# [Exercise inputs]
★ ★ ★
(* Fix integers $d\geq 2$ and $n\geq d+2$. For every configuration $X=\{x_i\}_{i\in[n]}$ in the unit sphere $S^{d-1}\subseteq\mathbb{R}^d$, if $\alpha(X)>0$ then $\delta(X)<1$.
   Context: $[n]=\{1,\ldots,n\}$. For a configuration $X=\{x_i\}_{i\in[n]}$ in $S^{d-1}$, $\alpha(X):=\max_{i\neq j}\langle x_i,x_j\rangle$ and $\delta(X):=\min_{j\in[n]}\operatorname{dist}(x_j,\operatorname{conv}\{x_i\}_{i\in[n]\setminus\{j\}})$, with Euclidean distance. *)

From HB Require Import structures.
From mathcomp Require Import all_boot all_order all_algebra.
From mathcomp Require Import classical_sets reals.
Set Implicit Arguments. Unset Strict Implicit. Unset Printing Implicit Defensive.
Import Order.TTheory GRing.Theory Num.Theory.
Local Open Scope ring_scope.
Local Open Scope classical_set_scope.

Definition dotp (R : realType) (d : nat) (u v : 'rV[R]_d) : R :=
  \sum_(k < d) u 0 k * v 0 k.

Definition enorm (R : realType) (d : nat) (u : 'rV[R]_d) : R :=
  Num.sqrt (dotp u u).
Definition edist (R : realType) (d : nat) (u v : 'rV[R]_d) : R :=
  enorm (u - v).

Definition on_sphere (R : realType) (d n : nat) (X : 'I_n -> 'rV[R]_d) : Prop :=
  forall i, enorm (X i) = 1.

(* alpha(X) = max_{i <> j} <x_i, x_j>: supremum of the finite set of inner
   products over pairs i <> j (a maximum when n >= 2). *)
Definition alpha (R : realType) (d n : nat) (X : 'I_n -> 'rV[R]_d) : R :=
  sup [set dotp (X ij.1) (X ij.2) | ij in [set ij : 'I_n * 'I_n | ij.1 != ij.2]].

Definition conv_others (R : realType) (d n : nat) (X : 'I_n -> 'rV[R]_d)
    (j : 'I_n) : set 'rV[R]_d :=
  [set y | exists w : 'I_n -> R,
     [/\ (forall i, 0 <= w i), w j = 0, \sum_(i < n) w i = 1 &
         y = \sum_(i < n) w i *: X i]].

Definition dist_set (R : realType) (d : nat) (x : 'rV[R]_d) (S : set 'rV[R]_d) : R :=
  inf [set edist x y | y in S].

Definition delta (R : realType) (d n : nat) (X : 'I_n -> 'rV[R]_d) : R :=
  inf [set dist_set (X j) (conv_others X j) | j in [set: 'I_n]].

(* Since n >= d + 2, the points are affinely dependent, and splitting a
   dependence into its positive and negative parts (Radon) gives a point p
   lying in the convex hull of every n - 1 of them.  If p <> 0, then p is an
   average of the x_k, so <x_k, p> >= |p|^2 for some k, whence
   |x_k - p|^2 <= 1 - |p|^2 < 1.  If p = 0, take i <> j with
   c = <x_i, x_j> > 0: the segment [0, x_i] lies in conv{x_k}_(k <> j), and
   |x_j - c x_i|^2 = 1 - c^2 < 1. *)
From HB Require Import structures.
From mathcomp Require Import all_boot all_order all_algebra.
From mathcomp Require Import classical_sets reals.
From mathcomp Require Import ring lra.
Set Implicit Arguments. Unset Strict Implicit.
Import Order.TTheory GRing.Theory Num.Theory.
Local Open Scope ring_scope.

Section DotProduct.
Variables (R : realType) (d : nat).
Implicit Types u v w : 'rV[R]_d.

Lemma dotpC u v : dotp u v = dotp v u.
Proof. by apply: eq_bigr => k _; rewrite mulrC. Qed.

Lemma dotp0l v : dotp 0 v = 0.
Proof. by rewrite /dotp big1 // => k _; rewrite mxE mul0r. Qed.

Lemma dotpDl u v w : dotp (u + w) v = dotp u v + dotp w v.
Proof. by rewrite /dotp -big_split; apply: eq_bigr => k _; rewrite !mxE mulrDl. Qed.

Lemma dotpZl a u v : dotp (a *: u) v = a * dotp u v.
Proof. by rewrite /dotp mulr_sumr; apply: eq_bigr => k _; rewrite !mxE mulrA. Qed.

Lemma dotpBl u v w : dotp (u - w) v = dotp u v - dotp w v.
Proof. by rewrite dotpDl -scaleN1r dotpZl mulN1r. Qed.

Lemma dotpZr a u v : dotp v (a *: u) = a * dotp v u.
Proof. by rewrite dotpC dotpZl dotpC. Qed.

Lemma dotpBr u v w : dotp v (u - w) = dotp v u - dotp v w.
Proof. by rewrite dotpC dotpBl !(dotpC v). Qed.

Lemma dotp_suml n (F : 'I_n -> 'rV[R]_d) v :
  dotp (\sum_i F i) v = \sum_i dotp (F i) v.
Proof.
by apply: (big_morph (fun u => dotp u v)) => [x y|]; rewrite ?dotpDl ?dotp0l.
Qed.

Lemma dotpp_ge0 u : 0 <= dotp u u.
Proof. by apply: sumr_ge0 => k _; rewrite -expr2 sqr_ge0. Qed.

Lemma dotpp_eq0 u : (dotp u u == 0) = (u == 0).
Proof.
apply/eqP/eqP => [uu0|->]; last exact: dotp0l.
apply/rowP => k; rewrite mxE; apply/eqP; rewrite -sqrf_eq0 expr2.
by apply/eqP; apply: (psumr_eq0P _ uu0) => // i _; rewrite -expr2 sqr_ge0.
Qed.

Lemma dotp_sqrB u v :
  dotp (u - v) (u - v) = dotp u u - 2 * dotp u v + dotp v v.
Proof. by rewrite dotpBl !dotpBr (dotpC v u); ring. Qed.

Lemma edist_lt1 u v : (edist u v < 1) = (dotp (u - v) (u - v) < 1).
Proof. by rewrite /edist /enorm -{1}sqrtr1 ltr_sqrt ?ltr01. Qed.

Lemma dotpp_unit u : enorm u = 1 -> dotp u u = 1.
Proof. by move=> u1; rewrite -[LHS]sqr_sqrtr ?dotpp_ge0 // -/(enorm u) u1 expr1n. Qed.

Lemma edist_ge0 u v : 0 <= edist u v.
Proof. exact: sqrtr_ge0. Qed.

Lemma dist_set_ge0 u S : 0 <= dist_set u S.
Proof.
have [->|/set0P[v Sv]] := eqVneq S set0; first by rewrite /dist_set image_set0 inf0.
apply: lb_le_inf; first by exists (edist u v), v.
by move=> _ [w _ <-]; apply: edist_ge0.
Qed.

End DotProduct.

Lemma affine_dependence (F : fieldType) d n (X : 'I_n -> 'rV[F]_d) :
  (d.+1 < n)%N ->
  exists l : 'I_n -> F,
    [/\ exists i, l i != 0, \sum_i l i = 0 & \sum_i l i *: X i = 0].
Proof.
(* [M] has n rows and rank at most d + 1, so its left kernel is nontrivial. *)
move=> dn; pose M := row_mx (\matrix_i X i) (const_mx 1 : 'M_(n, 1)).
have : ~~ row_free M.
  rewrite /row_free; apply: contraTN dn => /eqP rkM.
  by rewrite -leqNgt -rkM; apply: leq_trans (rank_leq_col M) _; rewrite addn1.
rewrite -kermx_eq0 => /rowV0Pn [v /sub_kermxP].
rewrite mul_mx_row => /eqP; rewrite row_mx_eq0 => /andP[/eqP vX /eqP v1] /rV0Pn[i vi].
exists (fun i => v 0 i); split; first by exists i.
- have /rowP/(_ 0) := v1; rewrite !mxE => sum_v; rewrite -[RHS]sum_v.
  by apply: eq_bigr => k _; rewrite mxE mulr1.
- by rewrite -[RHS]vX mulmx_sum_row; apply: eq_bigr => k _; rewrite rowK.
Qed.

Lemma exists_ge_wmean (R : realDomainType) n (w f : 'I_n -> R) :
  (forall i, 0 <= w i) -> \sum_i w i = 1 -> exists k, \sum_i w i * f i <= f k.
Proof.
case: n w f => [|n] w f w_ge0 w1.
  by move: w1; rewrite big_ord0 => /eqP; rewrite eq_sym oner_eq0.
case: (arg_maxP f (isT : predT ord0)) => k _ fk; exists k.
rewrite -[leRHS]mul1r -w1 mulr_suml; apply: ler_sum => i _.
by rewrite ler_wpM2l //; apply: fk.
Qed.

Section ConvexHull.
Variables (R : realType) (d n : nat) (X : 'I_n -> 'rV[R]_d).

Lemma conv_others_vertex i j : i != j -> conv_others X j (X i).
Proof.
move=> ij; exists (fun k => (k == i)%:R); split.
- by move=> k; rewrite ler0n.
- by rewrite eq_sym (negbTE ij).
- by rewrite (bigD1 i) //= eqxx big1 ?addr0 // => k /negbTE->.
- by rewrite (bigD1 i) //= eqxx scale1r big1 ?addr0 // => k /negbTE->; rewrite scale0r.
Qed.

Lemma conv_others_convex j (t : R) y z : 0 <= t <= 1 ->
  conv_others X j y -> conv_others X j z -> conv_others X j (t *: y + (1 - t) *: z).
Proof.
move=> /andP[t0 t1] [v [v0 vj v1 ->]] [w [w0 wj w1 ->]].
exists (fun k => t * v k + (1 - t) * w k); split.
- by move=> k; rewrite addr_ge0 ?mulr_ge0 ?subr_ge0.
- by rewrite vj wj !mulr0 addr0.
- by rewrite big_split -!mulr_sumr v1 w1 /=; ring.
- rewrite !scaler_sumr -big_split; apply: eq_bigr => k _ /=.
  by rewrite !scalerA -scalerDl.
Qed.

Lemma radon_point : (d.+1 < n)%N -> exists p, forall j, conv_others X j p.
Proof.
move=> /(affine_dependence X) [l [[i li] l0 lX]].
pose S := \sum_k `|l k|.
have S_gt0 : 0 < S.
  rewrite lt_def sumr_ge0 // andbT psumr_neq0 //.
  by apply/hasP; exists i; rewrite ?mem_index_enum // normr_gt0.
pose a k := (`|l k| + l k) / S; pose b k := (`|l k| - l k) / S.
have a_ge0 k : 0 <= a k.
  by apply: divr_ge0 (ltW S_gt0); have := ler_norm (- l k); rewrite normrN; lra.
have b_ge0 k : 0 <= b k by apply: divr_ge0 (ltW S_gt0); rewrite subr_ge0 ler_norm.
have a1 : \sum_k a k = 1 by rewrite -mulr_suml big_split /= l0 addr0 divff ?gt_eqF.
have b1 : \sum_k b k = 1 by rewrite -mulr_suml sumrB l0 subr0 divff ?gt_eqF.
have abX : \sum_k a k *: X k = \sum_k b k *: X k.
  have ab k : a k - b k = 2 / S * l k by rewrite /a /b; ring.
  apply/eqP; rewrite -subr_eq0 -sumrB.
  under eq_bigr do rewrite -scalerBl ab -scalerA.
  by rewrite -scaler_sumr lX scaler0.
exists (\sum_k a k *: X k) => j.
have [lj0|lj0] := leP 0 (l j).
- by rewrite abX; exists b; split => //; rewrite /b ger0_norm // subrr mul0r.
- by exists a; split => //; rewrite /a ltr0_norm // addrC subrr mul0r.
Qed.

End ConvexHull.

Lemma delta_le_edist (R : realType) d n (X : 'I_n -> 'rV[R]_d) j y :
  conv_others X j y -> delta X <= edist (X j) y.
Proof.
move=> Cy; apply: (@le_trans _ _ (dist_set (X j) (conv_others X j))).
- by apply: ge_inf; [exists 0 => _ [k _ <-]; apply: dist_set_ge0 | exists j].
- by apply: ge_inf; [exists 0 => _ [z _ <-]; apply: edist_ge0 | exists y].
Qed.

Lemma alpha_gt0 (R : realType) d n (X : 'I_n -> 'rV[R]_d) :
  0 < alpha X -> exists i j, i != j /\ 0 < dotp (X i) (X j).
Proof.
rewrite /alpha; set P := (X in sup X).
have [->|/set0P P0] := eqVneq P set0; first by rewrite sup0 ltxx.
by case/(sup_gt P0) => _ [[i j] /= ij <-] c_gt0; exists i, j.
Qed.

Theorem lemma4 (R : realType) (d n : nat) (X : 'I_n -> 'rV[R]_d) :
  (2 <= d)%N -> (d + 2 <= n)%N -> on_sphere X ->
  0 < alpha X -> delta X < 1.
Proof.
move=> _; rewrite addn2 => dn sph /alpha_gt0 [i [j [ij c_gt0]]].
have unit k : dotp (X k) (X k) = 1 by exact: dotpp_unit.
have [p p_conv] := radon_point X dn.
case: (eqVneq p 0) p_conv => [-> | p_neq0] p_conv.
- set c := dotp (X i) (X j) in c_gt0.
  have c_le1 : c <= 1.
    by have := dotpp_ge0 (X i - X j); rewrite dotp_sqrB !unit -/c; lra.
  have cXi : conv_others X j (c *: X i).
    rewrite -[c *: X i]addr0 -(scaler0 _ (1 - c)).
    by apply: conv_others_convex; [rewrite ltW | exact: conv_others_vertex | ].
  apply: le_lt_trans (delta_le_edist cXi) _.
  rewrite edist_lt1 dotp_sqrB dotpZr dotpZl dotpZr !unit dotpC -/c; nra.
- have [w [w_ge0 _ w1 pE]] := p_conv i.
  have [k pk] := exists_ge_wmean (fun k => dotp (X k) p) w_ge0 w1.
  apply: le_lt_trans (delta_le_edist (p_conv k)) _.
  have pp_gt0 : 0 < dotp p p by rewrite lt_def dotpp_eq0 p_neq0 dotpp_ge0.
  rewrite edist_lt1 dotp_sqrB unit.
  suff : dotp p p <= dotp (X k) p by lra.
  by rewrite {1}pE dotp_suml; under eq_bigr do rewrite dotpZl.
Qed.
★ ★ ★
Nothing should appear in the answer except the lines above from the line with "dotp (\sum_i F i) v = \sum_i dotp (F i) v." through the line with "Lemma dotp_sqrB u", both included, written out exactly.

# [The completed task]
  dotp (\sum_i F i) v = \sum_i dotp (F i) v.
Proof.
by apply: (big_morph (fun u => dotp u v)) => [x y|]; rewrite ?dotpDl ?dotp0l.
Qed.

Lemma dotpp_ge0 u : 0 <= dotp u u.
Proof. by apply: sumr_ge0 => k _; rewrite -expr2 sqr_ge0. Qed.

Lemma dotpp_eq0 u : (dotp u u == 0) = (u == 0).
Proof.
apply/eqP/eqP => [uu0|->]; last exact: dotp0l.
apply/rowP => k; rewrite mxE; apply/eqP; rewrite -sqrf_eq0 expr2.
by apply/eqP; apply: (psumr_eq0P _ uu0) => // i _; rewrite -expr2 sqr_ge0.
Qed.

Lemma dotp_sqrB u v :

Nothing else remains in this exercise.